Total cost: 39.8 gold pieces

Let’s hope we find something from this site, with that kind of upfront investment.

The Travel Roll

We’ve decided where we want to go and how we’re going to get there – time to roll for travel.

It’s a D100 in the Five Leagues book – this time we get a 54: ‘See something in the distance’. We need to add an Unexplored Location to our map somewhere along the route. Let’s say we spot it in the deep pine woods that run down from the mountains to the sea as we round a bend in the river.

We could ask the fisherman to stop the boat and explore this now, but let’s keep our journey going to our original destination first. We can stop at this location on the way back.

With the roll out of the way, we make it to our destination unhindered.

Exploring the Woods – Y1, M4, D12

Day 12 of M4 dawns and the party has arrived on the shores of the small wood nestled in the mountain valley.

Now we get one of the larger D100 tables in Five Leagues to roll on – the Unexplored Locations table. This one has lots of options – many of them very fun. We could find anything from plain old wilderness with nothing in it to natural resources we could sell, to a monster lair or ruin.

We roll and get 73 – ‘Fey Woods’. We can investigate the woodlands by fighting a Site Battle against foes from the ‘Ice-heart Court’ table in the book.

This is an interesting one to try and fit into our story. Five Leagues fey tables are more on the sinister and Nordic end of the fantasy spectrum, with goblins included as well as living trees or even fey soldiers from the realm beyond.

Being honest, this one stumped me for a good afternoon as I tried to come up with an AD&D idea that would fit with Five Leagues tables. With Five Leagues being a wargame with RPG elements, and AD&D being an RPG with combat, I suspect we’ll hit more of these crossed purposes as the campaign develops.

I’m not sure I want this to be a combat encounter straight away, so we’re going to use the prompt from Five Leagues about what this location is but use it to drive something else through narrative.

Narrative: The Lonely Wood – The Dryad’s Grove

Janos the fisherman, whose name the party had learned during the 3-day row upriver through the mountain valley, set the boat ashore under the shadow of a tall willow as the sun was setting. The tree leaned out over the water, fronds setting ripples scurrying as they drifted in the slow breeze.

“I shall leave ye here and use this willow as a marker for where I might find ye again.”

Roland leapt overside, splashing up the sandy shore to the low bank and peering into the wood before turning back to the boat: “We thank you, Janos.

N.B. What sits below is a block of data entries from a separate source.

(* Let $G\le\mathrm{O}(d)$ have closed orbits. For all $x,y\in\mathbb{R}^d$ there exists a bijection from $C([x],[y])$ to the set of orbits of the group $\mathrm{stab}_G(x)$ acting on $\arg\min_{q\in[y]}\|q-x\|$.
   Context: For $x\in\mathbb{R}^d$, $[x]:=\{gx:g\in G\}$, and $\mathbb{R}^d/G$ has the quotient metric $d([x],[y]):=\inf_{p\in[x],q\in[y]}\|p-q\|$. In a metric space $(M,d)$, a curve $\gamma:[0,L]\to M$ with $L\ge0$ is a minimal geodesic if $d(\gamma(s),\gamma(t))=|s-t|$ for all $s,t\in[0,L]$; for $a,b\in M$, $C(a,b)$ is the set of minimal geodesics $\gamma$ with $\gamma(0)=a$ and $\gamma(L)=b$ (so $L=d(a,b)$). The group $\mathrm{stab}_G(x)$ acts on $\arg\min_{q\in[y]}\|q-x\|$ by $q\mapsto gq$. *)

From mathcomp Require Import all_boot all_order all_algebra.
From mathcomp Require Import all_classical reals.
Set Implicit Arguments. Unset Strict Implicit. Unset Printing Implicit Defensive.
Import Order.TTheory GRing.Theory Num.Theory.
Local Open Scope classical_set_scope.
Local Open Scope ring_scope.

Section Defs.
Variables (R : realType) (d : nat).

(* R^d as column vectors; G acts by left matrix multiplication. *)
Definition enorm (v : 'cV[R]_d) : R := Num.sqrt (\sum_(i < d) v i 0 ^+ 2).

Definition orthogonal_mx (g : 'M[R]_d) : Prop := g^T *m g = 1%:M.

Definition subgroup_Od (G : set 'M[R]_d) : Prop :=
  [/\ (forall g, G g -> orthogonal_mx g), G 1%:M,
      (forall g h, G g -> G h -> G (g *m h)) &
      (forall g, G g -> G (g^T))].

Definition gorbit (G : set 'M[R]_d) (x : 'cV[R]_d) : set 'cV[R]_d :=
  [set g *m x | g in G].

Definition eclosed (S : set 'cV[R]_d) : Prop :=
  forall z, (forall e : R, 0 < e -> exists p, S p /\ enorm (p - z) < e) -> S z.

Definition closed_orbits (G : set 'M[R]_d) : Prop :=
  forall x, eclosed (gorbit G x).

(* points of R^d/G are orbits *)
Definition is_orbit (G : set 'M[R]_d) (S : set 'cV[R]_d) : Prop :=
  exists x, S = gorbit G x.

Definition qdist (S T : set 'cV[R]_d) : R :=
  inf [set r | exists p q, S p /\ T q /\ r = enorm (p - q)].

Definition Icc (L : R) := {t : R | 0 <= t <= L}.

Definition min_geodesic (G : set 'M[R]_d) (L : R)
    (gam : Icc L -> set 'cV[R]_d) : Prop :=
  (forall t, is_orbit G (gam t)) /\
  (forall s t : Icc L, qdist (gam s) (gam t) = `|sval s - sval t|).

Definition geodesics (G : set 'M[R]_d) (a b : set 'cV[R]_d)
    : set (Icc (qdist a b) -> set 'cV[R]_d) :=
  [set gam | min_geodesic G gam /\
     (forall t : Icc (qdist a b), sval t = 0 -> gam t = a) /\
     (forall t : Icc (qdist a b), sval t = qdist a b -> gam t = b)].

Definition stab (G : set 'M[R]_d) (x : 'cV[R]_d) : set 'M[R]_d :=
  [set g | G g /\ g *m x = x].

Definition argmin_orbit (G : set 'M[R]_d) (x y : 'cV[R]_d) : set 'cV[R]_d :=
  [set q | gorbit G y q /\
     (forall q', gorbit G y q' -> enorm (q - x) <= enorm (q' - x))].

Definition stab_orbits (G : set 'M[R]_d) (x y : 'cV[R]_d)
    : set (set 'cV[R]_d) :=
  [set O | exists q, argmin_orbit G x y q /\ O = [set g *m q | g in stab G x]].

End Defs.
Arguments geodesics {R d} G a b.
Lemma jacobsonN {x} : J x -> J (- x).
Proof. by move=> Jx; rewrite -sub0r; exact: jacobsonB jacobson0 Jx. Qed.

Lemma jacobsonD {x y} : J x -> J y -> J (x + y).
Proof. by move=> Jx Jy; rewrite -[y]opprK; exact: jacobsonB Jx (jacobsonN Jy). Qed.

Lemma jacobsonMr {x} s : J x -> J (x * s).
Proof.
move=> Jx; apply: jacobson_of_left_inv => r.
have := jacobson_unit (s * r) Jx; rewrite -mulrA => /unit_1subMC; rewrite mulrA.
by move=> hu; exists (1 - r * x * s)^-1; rewrite mulVr.
Qed.

End Jacobson.

Section CongruenceModJacobson.
Context {R : unitRingType}.
Implicit Types x y z : R.
Local Notation J := (@in_jacobson R).

Definition eqJ x y := J (x - y).

Lemma eqJ_refl x : eqJ x x.
Proof. by rewrite /eqJ subrr; exact: jacobson0. Qed.

Lemma eqJ_sym {x y} : eqJ x y -> eqJ y x.
Proof. by move=> Jxy; rewrite /eqJ -opprB; exact: jacobsonN Jxy. Qed.

Lemma eqJ_trans {x y z} : eqJ x y -> eqJ y z -> eqJ x z.
Proof. by move=> Jxy Jyz; have := jacobsonD Jxy Jyz; rewrite /eqJ addrA subrK. Qed.

Lemma eqJ0 x : eqJ x 0 <-> J x.
Proof. by rewrite /eqJ subr0. Qed.

Lemma eqJ_addJ x {y} : J y -> eqJ (x + y) x.
Proof. by rewrite /eqJ addrC addKr. Qed.

Lemma eqJD {x y x' y'} : eqJ x x' -> eqJ y y' -> eqJ (x + y) (x' + y').
Proof. by move=> Jx Jy; have := jacobsonD Jx Jy; rewrite /eqJ opprD addrACA. Qed.

Lemma eqJN {x y} : eqJ x y -> eqJ (- x) (- y).
Proof. by move=> Jxy; rewrite /eqJ -opprD; exact: jacobsonN Jxy. Qed.

Lemma eqJB {x y x' y'} : eqJ x x' -> eqJ y y' -> eqJ (x - y) (x' - y').
Proof. by move=> Jx Jy; exact: eqJD Jx (eqJN Jy). Qed.

Lemma eqJM {x y x' y'} : eqJ x x' -> eqJ y y' -> eqJ (x * y) (x' * y').
Proof.
move=> Jx Jy; have := jacobsonD (jacobsonMr y Jx) (jacobsonMl x' Jy).
by rewrite /eqJ mulrBl mulrBr addrA subrK.
Qed.

End CongruenceModJacobson.
Lemma rho_part_perm w : word_perm mu_letter (rho_part w) =1 word_perm mu_letter w.
Proof. by elim: w => [|[[] i e] w IH] k //=; rewrite IH. Qed.

Lemma rho_word_rho_part n w : wf_word n w -> rho_word n 1 (rho_part w).
Proof.
elim: w => [|[[] i e] w IH] //= /andP[i_ok /IH w_ok] //=.
by rewrite w_ok andbT; move: i_ok; rewrite /valid_letter /=; lia.
Qed.

Section SubgroupH.
Variable n : nat.

Lemma inH_nil : inH n [::].
Proof. by []. Qed.

Lemma inH_cat u v : inH n u -> inH n v -> inH n (u ++ v).
Proof.
case=> u_ok u_id [v_ok v_id]; split; first by rewrite wf_word_cat u_ok.
by move=> k; rewrite word_perm_cat v_id u_id.
Qed.

Lemma inH_wconj r y : wf_word n r -> inH n y -> inH n (wconj r y).
Proof.
move=> r_ok [y_ok y_id]; split; first by rewrite !wf_word_cat wf_word_winv r_ok y_ok.
move=> k; rewrite !word_perm_cat y_id -word_perm_cat.
exact: word_perm_winv mu_letterK k.
Qed.

Lemma inH_sig i e : 0 < i < n -> inH n [:: (Sig i, e)].
Proof. by move=> i_ok; split; rewrite // /wf_word /= /valid_letter /= andbT; lia. Qed.

Lemma inH_split r w : rho_word n 1 r -> wf_word n w ->
  inH n (r ++ w ++ winv (r ++ rho_part w)).
Proof.
move=> r_ok w_ok; have r_wf := rho_word_wf r_ok; split.
  by rewrite !wf_word_cat wf_word_winv wf_word_cat r_wf w_ok rho_word_wf
             ?rho_word_rho_part.
move=> k; rewrite winv_cat !word_perm_cat -(rho_part_perm w).
rewrite -(word_perm_cat _ (rho_part w)) (word_perm_winv _ mu_letterK).
by rewrite -word_perm_cat (word_perm_winv _ mu_letterK).
Qed.

Lemma wf_rho i : 0 < i < n -> wf_word n [:: rh i].
Proof. by move=> i_ok; rewrite /wf_word /= /valid_letter /= andbT; lia. Qed.

End SubgroupH.

Section CharactersH.
Variables (n : nat) (psi : word -> bool).
Hypothesis psi_wd : forall u v, inH n u -> inH n v -> veq n u v -> psi u = psi v.
Hypothesis psi_add : forall u v, inH n u -> inH n v -> psi (u ++ v) = psi u (+) psi v.

Lemma psi_nil : psi [::] = false.
Proof. by have := psi_add (inH_nil n) (inH_nil n); case: (psi [::]). Qed.

Lemma psi_wconj_veq r y y' : wf_word n r -> inH n y -> inH n y' -> veq n y y' ->
  psi (wconj r y) = psi (wconj r y').
Proof.
by move=> r_ok y_ok y'_ok yy'; apply: psi_wd; try apply: inH_wconj; last apply: veq_wconj.
Qed.

Lemma psi_wconj_cat r a b : wf_word n r -> inH n a -> inH n b ->
  psi (wconj r (a ++ b)) = psi (wconj r a) (+) psi (wconj r b).
Proof.
move=> r_ok a_ok b_ok; rewrite -psi_add; try exact: inH_wconj.
apply: psi_wd; first by apply: inH_wconj => //; apply: inH_cat.
  by apply: inH_cat; apply: inH_wconj.
have -> : wconj r a ++ wconj r b = r ++ a ++ (winv r ++ r) ++ b ++ winv r.
  by rewrite /wconj -!catA.
rewrite /wconj -catA; apply: veq_catl; apply: veq_catl; apply: veq_sym.
exact: (veq_catr (b ++ winv r) (veq_winv_l r_ok)).
Qed.

(* Modulo 2 the braid relation a b a = b a b reads b = a. *)
Lemma psi_wconj_sigma_succ r i : wf_word n r -> 0 < i -> i.+1 < n ->
  psi (wconj r (sg i.+1)) = psi (wconj r (sg i)).
Proof.
move=> r_ok i_gt0 i_lt.
have a_ok : inH n (sg i) by apply: inH_sig; lia.
have b_ok : inH n (sg i.+1) by apply: inH_sig; lia.
have := psi_wconj_veq r_ok (inH_cat a_ok (inH_cat b_ok a_ok)) (inH_cat b_ok (inH_cat a_ok b_ok))
          (veq_rel [::] [::] (@rel_ss3 n i i_gt0 ltac:(lia))).
rewrite /= -[[:: pos (Sig i); _; _]]/(sg i ++ sg i.+1 ++ sg i).
rewrite -[[:: pos (Sig i.+1); _; _]]/(sg i.+1 ++ sg i ++ sg i.+1).
by rewrite !psi_wconj_cat //; try exact: inH_cat; do 2 case: (psi (wconj r (sg _))).
Qed.

Lemma psi_wconj_sigma r i : wf_word n r -> 0 < i < n ->
  psi (wconj r (sg i)) = psi (wconj r (sg 1)).
Proof.
move=> r_ok; elim: i => [|[|i] IH] i_ok //.
by rewrite psi_wconj_sigma_succ ?IH //; lia.
Qed.

Lemma psi_wconj_rho_sigma r i : wf_word n r -> 0 < i < n ->
  psi (wconj (r ++ [:: rh i]) (sg i)) = psi (wconj (r ++ [:: rh 1]) (sg 1)).
Proof.
move=> r_ok; elim: i => [|[|k] IH] k_ok //.
have wf_r_rho i : 0 < i < n -> wf_word n (r ++ [:: rh i]).
  by move=> i_ok; rewrite wf_word_cat r_ok wf_rho.
have rho_sigma_ok i j : 0 < i < n -> 0 < j < n -> inH n (wconj [:: rh i] (sg j)).
  by move=> i_ok j_ok; apply: inH_wconj; [apply: wf_rho | apply: inH_sig].
rewrite psi_wconj_sigma_succ ?wf_r_rho //; try lia.
rewrite {1}wconj_cat (psi_wconj_veq r_ok _ _ (veq_rho_swap_sigma _ _)); try lia.
- by rewrite -wconj_cat psi_wconj_sigma_succ ?wf_r_rho ?IH //; lia.
- by apply: rho_sigma_ok; lia.
- by apply: rho_sigma_ok; lia.
Qed.

Hypothesis psi_sigma1 : psi (sg 1) = false.
Hypothesis psi_rho_sigma1 : psi (wconj [:: rh 1] (sg 1)) = false.

Lemma psi_wconj_rho_word r : rho_word n 1 r ->
  psi (wconj r (sg 1)) = false /\ psi (wconj (r ++ [:: rh 1]) (sg 1)) = false.
Proof.
elim/last_ind: r => [//|r [[i|j] e] IH]; rewrite -cats1 => rj_ok.
  by move: rj_ok; rewrite rho_word_cat andbF.
move: (rj_ok); rewrite rho_word_cat /= andbT => /andP[r_ok j_ok].
have [IH1 IH2] := IH r_ok.
have rj_wf := rho_word_wf rj_ok; have r_wf := rho_word_wf r_ok.
have {}j_ok : 0 < j < n by lia.
have sigma_j_ok : inH n (sg j) by apply: inH_sig.
have rho_j_wf e' : wf_word n [:: (Rho j, e')] by rewrite /wf_word /= /valid_letter /=; lia.
have pair_wf : wf_word n [:: (Rho j, e); rh j] by rewrite /wf_word /= /valid_letter /=; lia.
split.
  rewrite -(psi_wconj_sigma rj_wf j_ok) wconj_cat.
  rewrite (psi_wconj_veq r_wf _ _ (veq_wconj_rho_sign e _ j_ok)) -?wconj_cat;
    try by apply: inH_wconj; first apply: rho_j_wf.
  by rewrite psi_wconj_rho_sigma.
rewrite -(psi_wconj_rho_sigma rj_wf j_ok) -catA wconj_cat.
rewrite (psi_wconj_veq r_wf _ _ (veq_wconj_nil _ pair_wf (veq_rho_pair e j_ok))) //;
  try by apply: inH_wconj.
by rewrite (psi_wconj_sigma r_wf j_ok).
Qed.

We shall make camp for the night on the shore and meet you here in two days.”

As the rest of the party followed, Brun struggling under the weight of a backpack filled with rations, the fisherman nodded. As they climbed from the boat, they noticed Janos watch the trees with suspicion, fingers clenched about his oars.

“I shan’t come t’shore unless I see a signal from ye. If ye’re here, tie a piece of white cloth up high in the willow. If I sees it, I’ll come in – if I don’t, I’ll go back downriver with whate’er I’ve caught.”

They agreed to this, but the fisherman’s suspicion of the woods unnerved them. Throughout their journey had been talkative – of the sea, crews past, of sons gone to sea on larger boats, of features of the mountains he had known since boyhood rowing upriver with his father to learn his boatcraft before going to sea.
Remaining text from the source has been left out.